First, let me start by saying that I appreciate the opportunity to
discuss the issues!  It really livens up my day and helps keep me
sharp to have someone to debate these things with.

OK, let me see if I can explain my reasoning.  The assumption that
my parser makes is that the first matching start-string will always 
get paired if there is any valid end-string for it.  That way, the
parsing with nesting turned on matches the parsing with nesting
turned off (I have a switch in my parser for compatibility with
the python parser) on the outer level.  If you parse the above
string while not allowing nesting (use the current docutils),
it gives::

  <emphasis>
      emphasis **strong*

Turning on nesting simply identifies the "**" as an unmatched
strong start-string.

As for an algorithm, see the pseudo-code in my previous message
(which wasn't sent yet when you penned your reply).

	--Mark

[Docutils-develop] Re: [Fwd: Re: Re: nested inline markup]

From: David A. <da...@bo...> - 2004-01-21 12:27:21

David Goodger <go...@py...> writes:

> I believe the algorithm that David Abrahams described off-list does
> it:
>
>      always search for the end-strings of *all* pending open strings
>      in inward-to-outward order along with all possible openers
>
> Or as Beni Cherniavsky wrote on docutils-users:
>
>      All we need then is to look simultaneously for any (nested)
>      start-string OR the pending end-string (we will need a stack of
>      them).
>
> And I believe that's what David Abrahams is implementing (but I have
> yet to look at the in-progress code he sent me yesterday, off-list).

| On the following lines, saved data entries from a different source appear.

(* Let $G$ be a flat affine group scheme over $R$ and $N\to G$ the automatic blowup of the identity. For every morphism $\mathcal G\to G$ of flat affine group schemes over $R$ which induces an isomorphism on generic fibres, there exists a unique morphism $N\to\mathcal G$ whose composition with $\mathcal G\to G$ is $N\to G$. Thus $N\to G$ is an initial object in the category of flat affine group schemes over $G$ inducing isomorphisms on generic fibres.
   Context: $R$ is a discrete valuation ring with uniformizer $\pi$, fraction field $K$, residue field $k$; $R[G]\subset K[G]$ for flat $G$. The Neron blowup of a flat affine group scheme $H$ at a closed subgroup of $H\otimes k$ with ideal $J\subset R[H]$ (inverse image of its ideal) is $\mathrm{Spec}$ of the subring of $K[H]$ generated by $R[H]$ and $\pi^{-1}J$. The automatic blowup of the identity $N\to G$ is the limit of $\cdots\to G_{n+1}\to G_n\to\cdots\to G_0=G$, where $G_{n+1}\to G_n$ is the Neron blowup of $G_n$ at $\{e\}\subset G_n\otimes k$. *)

(* Encoding of flat affine group schemes over a DVR R
   through their generic fibres: a flat affine group scheme G over R is
   encoded by the commutative K-Hopf algebra A = K[G] together with the
   R-subalgebra B = R[G] of A (flat over a DVR = torsion free, so
   R[G] embeds in K[G] = R[G] (x)_R K). *)
From HB Require Import structures.
From mathcomp Require Import all_boot all_order all_algebra.
Set Implicit Arguments. Unset Strict Implicit. Unset Printing Implicit Defensive.
Import Order.TTheory GRing.Theory Num.Theory.
Local Open Scope ring_scope.

Definition is_dvr (K : fieldType) (R : K -> Prop) (pi : K) : Prop :=
  [/\ [/\ R 0, R 1, (forall x y, R x -> R y -> R (x - y))
         & (forall x y, R x -> R y -> R (x * y))],
      [/\ R pi, pi != 0 & (~ R pi^-1)]
    & forall x : K, x != 0 ->
        exists (n : int) (u : K), [/\ R u, R u^-1 & x = u * pi ^ n]].

(* An element of A (x)_K A is represented by a formal sum (a list of pairs);
   over a field, two such sums are equal in A (x)_K A iff every K-bilinear
   form A x A -> K takes the same value on them.  Same for A (x) A (x) A. *)
Section Tensor.
Variables (K : fieldType) (A : comAlgType K).

Definition bilin (f : A -> A -> K) : Prop :=
  (forall (a : K) x x' y, f (a *: x + x') y = a * f x y + f x' y) /\
  (forall (a : K) x y y', f x (a *: y + y') = a * f x y + f x y').

Definition teq2 (s t : seq (A * A)) : Prop :=
  forall f, bilin f ->
    \sum_(p <- s) f p.1 p.2 = \sum_(p <- t) f p.1 p.2.

Definition trilin (f : A -> A -> A -> K) : Prop :=
  (forall (a : K) x x' y z, f (a *: x + x') y z = a * f x y z + f x' y z) /\
  (forall (a : K) x y y' z, f x (a *: y + y') z = a * f x y z + f x y' z) /\
  (forall (a : K) x y z z', f x y (a *: z + z') = a * f x y z + f x y z').

Definition teq3 (s t : seq (A * A * A)) : Prop :=
  forall f, trilin f ->
    \sum_(p <- s) f p.1.1 p.1.2 p.2 = \sum_(p <- t) f p.1.1 p.1.2 p.2.

Definition tmul (s t : seq (A * A)) : seq (A * A) :=
  [seq (p.1 * q.1, p.2 * q.2) | p <- s, q <- t].

Definition is_hopf (D : A -> seq (A * A)) (e : A -> K) (S : A -> A) : Prop :=
  [/\
      [/\ (forall (a : K) x y,
         teq2 (D (a *: x + y)) ([seq (a *: p.1, p.2) | p <- D x] ++ D y)),
      (forall x y, teq2 (D (x * y)) (tmul (D x) (D y)))
      & teq2 (D 1) [:: (1, 1)]],
      (forall x, teq3 [seq (q.1, q.2, p.2) | p <- D x, q <- D p.1]
                      [seq (p.1, q.1, q.2) | p <- D x, q <- D p.2]),
      [/\ (forall (a : K) x y, e (a *: x + y) = a * e x + e y),
          (forall x y, e (x * y) = e x * e y) & e 1 = 1],
      (forall x, \sum_(p <- D x) e p.1 *: p.2 = x /\
                 \sum_(p <- D x) e p.2 *: p.1 = x)
    &
      (forall (a : K) x y, S (a *: x + y) = a *: S x + S y) /\
      (forall x, \sum_(p <- D x) S p.1 * p.2 = (e x)%:A /\
                 \sum_(p <- D x) p.1 * S p.2 = (e x)%:A)].

End Tensor.

Section Flat.
Variables (K : fieldType) (R : K -> Prop) (pi : K) (A : comAlgType K).

Definition is_Rsubalg (B : A -> Prop) : Prop :=
  [/\ (forall a : K, R a -> B a%:A),
      (forall x y, B x -> B y -> B (x - y))
    & (forall x y, B x -> B y -> B (x * y))].

(* (A, B) encodes the flat affine group scheme Spec B over R with
   generic fibre Spec A: B is an R-Hopf subalgebra of the K-Hopf algebra A
   and B (x)_R K = A (every element of A is pi^-n times an element of B). *)
Definition flat_group (D : A -> seq (A * A)) (e : A -> K) (S : A -> A)
    (B : A -> Prop) : Prop :=
  [/\ is_hopf D e S, is_Rsubalg B,
      (forall x : A, exists (n : nat) (b : A), B b /\ pi ^+ n *: x = b)
    & [/\
      (forall b, B b -> exists s : seq (A * A),
          (forall p, p \in s -> B p.1 /\ B p.2) /\ teq2 (D b) s),
      (forall b, B b -> R (e b))
    & (forall b, B b -> B (S b))]].

Inductive gen_alg (P : A -> Prop) : A -> Prop :=
  | gen_in x : P x -> gen_alg P x
  | gen_scal (a : K) : R a -> gen_alg P a%:A
  | gen_sub x y : gen_alg P x -> gen_alg P y -> gen_alg P (x - y)
  | gen_mul x y : gen_alg P x -> gen_alg P y -> gen_alg P (x * y).

(* For H with R[H] = Bn inside K[H] = A and counit e: the ideal J of
   {e} in H (x) k, pulled back to R[H], is {y in Bn | e y in pi R};
   the Neron blowup is Spec of the subring generated by Bn and pi^-1 J. *)
Definition neron_blowup_e (e : A -> K) (Bn : A -> Prop) : A -> Prop :=
  gen_alg (fun x => Bn x \/
             exists y, [/\ Bn y, R (pi^-1 * e y) & x = pi^-1 *: y]).

Fixpoint auto_blowup_step (e : A -> K) (B : A -> Prop) (n : nat) : A -> Prop :=
  match n with
  | 0 => B
  | n'.+1 => neron_blowup_e e (auto_blowup_step e B n')
  end.

(* R[N] = colimit of the R[G_n] = their union inside A  (N = lim G_n) *)
Definition auto_blowup (e : A -> K) (B : A -> Prop) : A -> Prop :=
  fun x => exists n, auto_blowup_step e B n x.

End Flat.

(* A morphism of flat group schemes Spec B1 -> Spec B2 (generic fibres
   A1, A2) is encoded by its comorphism on generic fibres f : A2 -> A1,
   a K-bialgebra homomorphism mapping B2 into B1 (it is determined by,
   and determines, the R-Hopf algebra map B2 -> B1). *)
Definition group_comor (K : fieldType) (A2 A1 : comAlgType K)
    (B2 : A2 -> Prop) (B1 : A1 -> Prop)
    (D2 : A2 -> seq (A2 * A2)) (e2 : A2 -> K)
    (D1 : A1 -> seq (A1 * A1)) (e1 : A1 -> K) (f : A2 -> A1) : Prop :=
  [/\ [/\ (forall (a : K) x y, f (a *: x + y) = a *: f x + f y),
      (forall x y, f (x * y) = f x * f y) & f 1 = 1],
      (forall x, B2 x -> B1 (f x)),
      (forall x, teq2 [seq (f p.1, f p.2) | p <- D2 x] (D1 (f x)))
    & (forall x, e1 (f x) = e2 x)].

(* The comorphism of N -> calG must be the inverse g of the generic-fibre
   isomorphism f, which is unique because R[G] spans K[G].  It remains to
   see that g maps R[calG] into R[N].  For b in R[calG], the counit of
   x := g b - e'(b) is zero and pi^n x lies in R[G] for some n; since x
   stays in the augmentation ideal, each of n successive Neron blowups of
   the identity divides it by pi once more, so x lies in R[G_n], while
   the constant e'(b) lies in R. *)
From HB Require Import structures.
From mathcomp Require Import all_boot all_order all_algebra.
Set Implicit Arguments. Unset Strict Implicit. Unset Printing Implicit Defensive.
Import Order.TTheory GRing.Theory Num.Theory.
Local Open Scope ring_scope.

Section LinearFun.
Variables (K : fieldType) (U V : lmodType K) (h : U -> V).
Hypothesis h_lin : forall (a : K) x y, h (a *: x + y) = a *: h x + h y.

Lemma linear_fun0 : h 0 = 0.
Proof.
have := h_lin 1 0 0; rewrite !scale1r addr0 => h00.
by apply: (@addrI _ (h 0)); rewrite addr0 -h00.
Qed.

Lemma linear_funZ (a : K) x : h (a *: x) = a *: h x.
Proof. by have := h_lin a x 0; rewrite !addr0 linear_fun0 addr0. Qed.

Lemma linear_funB x y : h (x - y) = h x - h y.
Proof. by rewrite -scaleN1r addrC h_lin scaleN1r addrC. Qed.

End LinearFun.

Lemma linear_fun_eq_on_lattice (K : fieldType) (U V : lmodType K) (h h' : U -> V)
    (pi : K) (B : U -> Prop) :
    (forall (a : K) x y, h (a *: x + y) = a *: h x + h y) ->
    (forall (a : K) x y, h' (a *: x + y) = a *: h' x + h' y) -> pi != 0 ->
    (forall x, exists (n : nat) (b : U), B b /\ pi ^+ n *: x = b) ->
    (forall b, B b -> h b = h' b) -> h =1 h'.
Proof.
move=> h_lin h'_lin pi0 B_spans eq_hB x.
have [n [b [Bb pin_x]]] := B_spans x.
have := eq_hB b Bb; rewrite -pin_x (linear_funZ h_lin) (linear_funZ h'_lin).
exact/scalerI/expf_neq0.
Qed.

Section AutoBlowup.
Variables (K : fieldType) (R : K -> Prop) (pi : K) (A : comAlgType K).
Variables (e : A -> K) (B : A -> Prop).
Hypotheses (R0 : R 0) (R_sub : forall x y, R x -> R y -> R (x - y)).
Hypothesis pi0 : pi != 0.
Hypotheses (e_lin : forall (a : K) x y, e (a *: x + y) = a * e x + e y)
           (e1 : e 1 = 1).
Hypotheses (B_const : forall a : K, R a -> B a%:A)
           (B_spans : forall x : A, exists (n : nat) (b : A), B b /\ pi ^+ n *: x = b).

Let e_linK : forall (a : K) x y, e (a *: x + y) = a *: (e x : K^o) + e y.
Proof. exact: e_lin. Qed.

Let eZ (a : K) x : e (a *: x) = a * e x := @linear_funZ K A K^o e e_linK a x.

Lemma auto_blowup_step_le k m x : (k <= m)%N ->
  auto_blowup_step R pi e B k x -> auto_blowup_step R pi e B m x.
Proof.
move=> /subnKC <-; move: (m - k)%N => j Bkx.
by elim: j => [|j IHj]; rewrite ?addn0 // addnS; apply: gen_in; left.
Qed.

Lemma auto_blowup_step_divX n : forall k x, e x = 0 ->
  auto_blowup_step R pi e B k (pi ^+ n *: x) ->
  auto_blowup_step R pi e B (k + n) x.
Proof.
elim: n => [|n IHn] k x ex0; first by rewrite scale1r addn0.
move=> Bk_xn; have Bkn_pix : auto_blowup_step R pi e B (k + n) (pi *: x).
  by apply: IHn; rewrite ?eZ ?ex0 ?mulr0 // scalerA -exprSr.
rewrite addnS; apply: gen_in; right; exists (pi *: x).
by rewrite eZ ex0 !mulr0 scalerA mulVf // scale1r.
Qed.

Lemma auto_blowup_sub x y : auto_blowup R pi e B x -> auto_blowup R pi e B y ->
  auto_blowup R pi e B (x - y).
Proof.
move=> [k Bkx] [m Bmy]; exists (maxn k m).+1; apply: gen_sub; apply: gen_in; left.
  by apply: auto_blowup_step_le Bkx; rewrite leq_maxl.
by apply: auto_blowup_step_le Bmy; rewrite leq_maxr.
Qed.

Lemma mem_auto_blowup x : R (e x) -> auto_blowup R pi e B x.
Proof.
move=> Rex; pose x0 := x - (e x)%:A.
have ex0 : e x0 = 0 by rewrite (@linear_funB K A K^o e e_linK) eZ e1 mulr1 subrr.
have N_x0 : auto_blowup R pi e B x0.
  have [n [b [Bb pin_x0]]] := B_spans x0.
  by exists (0 + n)%N; apply: auto_blowup_step_divX; rewrite //= pin_x0.
have N_ex : auto_blowup R pi e B (0 - e x)%:A by exists 0%N; apply/B_const/R_sub.
have -> : x = x0 - (0 - e x)%:A by rewrite /x0 sub0r scaleNr opprK subrK.
exact: auto_blowup_sub.
Qed.

End AutoBlowup.

Lemma group_comor_can (K : fieldType) (A2 A1 : comAlgType K)
    (B2 C2 : A2 -> Prop) (B1 C1 : A1 -> Prop)
    (D2 : A2 -> seq (A2 * A2)) (e2 : A2 -> K)
    (D1 : A1 -> seq (A1 * A1)) (e1 : A1 -> K) (f : A2 -> A1) (g : A1 -> A2) :
  group_comor B2 B1 D2 e2 D1 e1 f -> cancel f g -> cancel g f ->
  (forall y, C1 y -> C2 (g y)) -> group_comor C1 C2 D1 e1 D2 e2 g.
Proof.
move=> [[f_lin f_mul f1] _ f_D f_e] fK gK g_C.
have g_lin (a : K) x y : g (a *: x + y) = a *: g x + g y.
  by apply: (can_inj fK); rewrite f_lin !gK.
split=> //.
- split=> //; last by apply: (can_inj fK); rewrite f1 gK.
  by move=> x y; apply: (can_inj fK); rewrite f_mul !gK.
- move=> y F [F_linl F_linr].
  have F_g_bilin : bilin (fun u v => F (g u) (g v)).
    by split=> a u u' v /=; rewrite g_lin ?F_linl ?F_linr.
  have := f_D (g y) _ F_g_bilin; rewrite gK !big_map /= => <-.
  by apply: eq_bigr => p _; rewrite !fK.
- by move=> y; rewrite -f_e gK.
Qed.

Theorem corollary2p22 (K : fieldType) (R : K -> Prop) (pi : K)
    (hR : is_dvr R pi)
    (A : comAlgType K) (D : A -> seq (A * A)) (e : A -> K) (S : A -> A)
    (B : A -> Prop) (hG : flat_group R pi D e S B)
    (A' : comAlgType K) (D' : A' -> seq (A' * A')) (e' : A' -> K)
    (S' : A' -> A') (B' : A' -> Prop) (hG' : flat_group R pi D' e' S' B')
    (f : A -> A') (hf : group_comor B B' D e D' e' f) (hiso : bijective f) :
  exists g : A' -> A,
    (group_comor B' (auto_blowup R pi e B) D' e' D e g /\
     (forall x, B x -> g (f x) = x)) /\
    (forall g' : A' -> A,
       group_comor B' (auto_blowup R pi e B) D' e' D e g' /\
       (forall x, B x -> g' (f x) = x) ->
       forall y, g' y = g y).
Proof.
have [[R0 _ R_sub _] [_ pi0 _] _] := hR.
have [[_ _ [e_lin _ e1] _ _] [B_const _ _] B_spans _] := hG.
have [_ _ _ [_ e'_R _]] := hG'.
have [[f_lin _ _] _ _ f_e] := hf.
have [g fK gK] := hiso.
exists g; split.
  split=> [|x _]; last exact: fK.
  apply: (group_comor_can hf fK gK) => y B'y.
  apply: (mem_auto_blowup R0 R_sub pi0 e_lin e1 B_const B_spans).
  by rewrite -f_e gK; apply: e'_R.
move=> g' [[[g'_lin _ _] _ _ _] g'fK] y.
have g'fK_all : (g' \o f) =1 id.
  apply: (linear_fun_eq_on_lattice _ _ pi0 B_spans) => // a x z.
  by rewrite /= f_lin g'_lin.
by rewrite -[y]gK [g' _]g'fK_all fK.
Qed.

What I sent you yesterday was the (non-working) state the code was in
before I realized what the right algorithm was, so while it was
similar it was not quite doing that.  I'm still hoping to carve out a
few hours to implement it for real in the next couple of days.

-- 
Dave Abrahams
Boost Consulting
www.boost-consulting.com

Re: [Docutils-develop] Re: [Fwd: Re: Re: nested inline markup]

From: David G. <go...@py...> - 2004-02-15 17:06:07

David Abrahams wrote:
> So, Dave G., do you have a verdict on this stuff?  It was hard work;
> I'd rather it didn't languish.  I'm willing to polish!

I don't have a "verdict" yet, because I haven't been able to get a
good grasp on it yet.  I've tried, but the code was and is complex
and I haven't been able to wrap my mind around it -- perhaps a sign
that some major refactoring is required to make it easier to grok.

I invite anyone who is interested to take a look at the code, on the
"nesting" branch.  I *will* get to it, but I don't know when.

-- David Goodger

Re: [Docutils-develop] Re: [Fwd: Re: Re: nested inline markup]

From: David A. <da...@bo...> - 2004-02-15 18:14:28

David Goodger <go...@py...> writes:

> David Abrahams wrote:
>> So, Dave G., do you have a verdict on this stuff?  It was hard work;
>> I'd rather it didn't languish.  I'm willing to polish!
>
> I don't have a "verdict" yet, because I haven't been able to get a
> good grasp on it yet.  I've tried, but the code was and is complex
> and I haven't been able to wrap my mind around it -- perhaps a sign
> that some major refactoring is required to make it easier to grok.

Maybe so.  I thought I was simplifying what you already had there,
but there's no doubt about it: handling nesting added complexity of
its own.  If you have any specific questions I'll be happy to try to
answer them, and to try to make the answers more self-evident in the
code.

-- 
Dave Abrahams
Boost Consulting
www.boost-consulting.com

Re: [Fwd: Re: [Docutils-develop] Re: nested inline markup]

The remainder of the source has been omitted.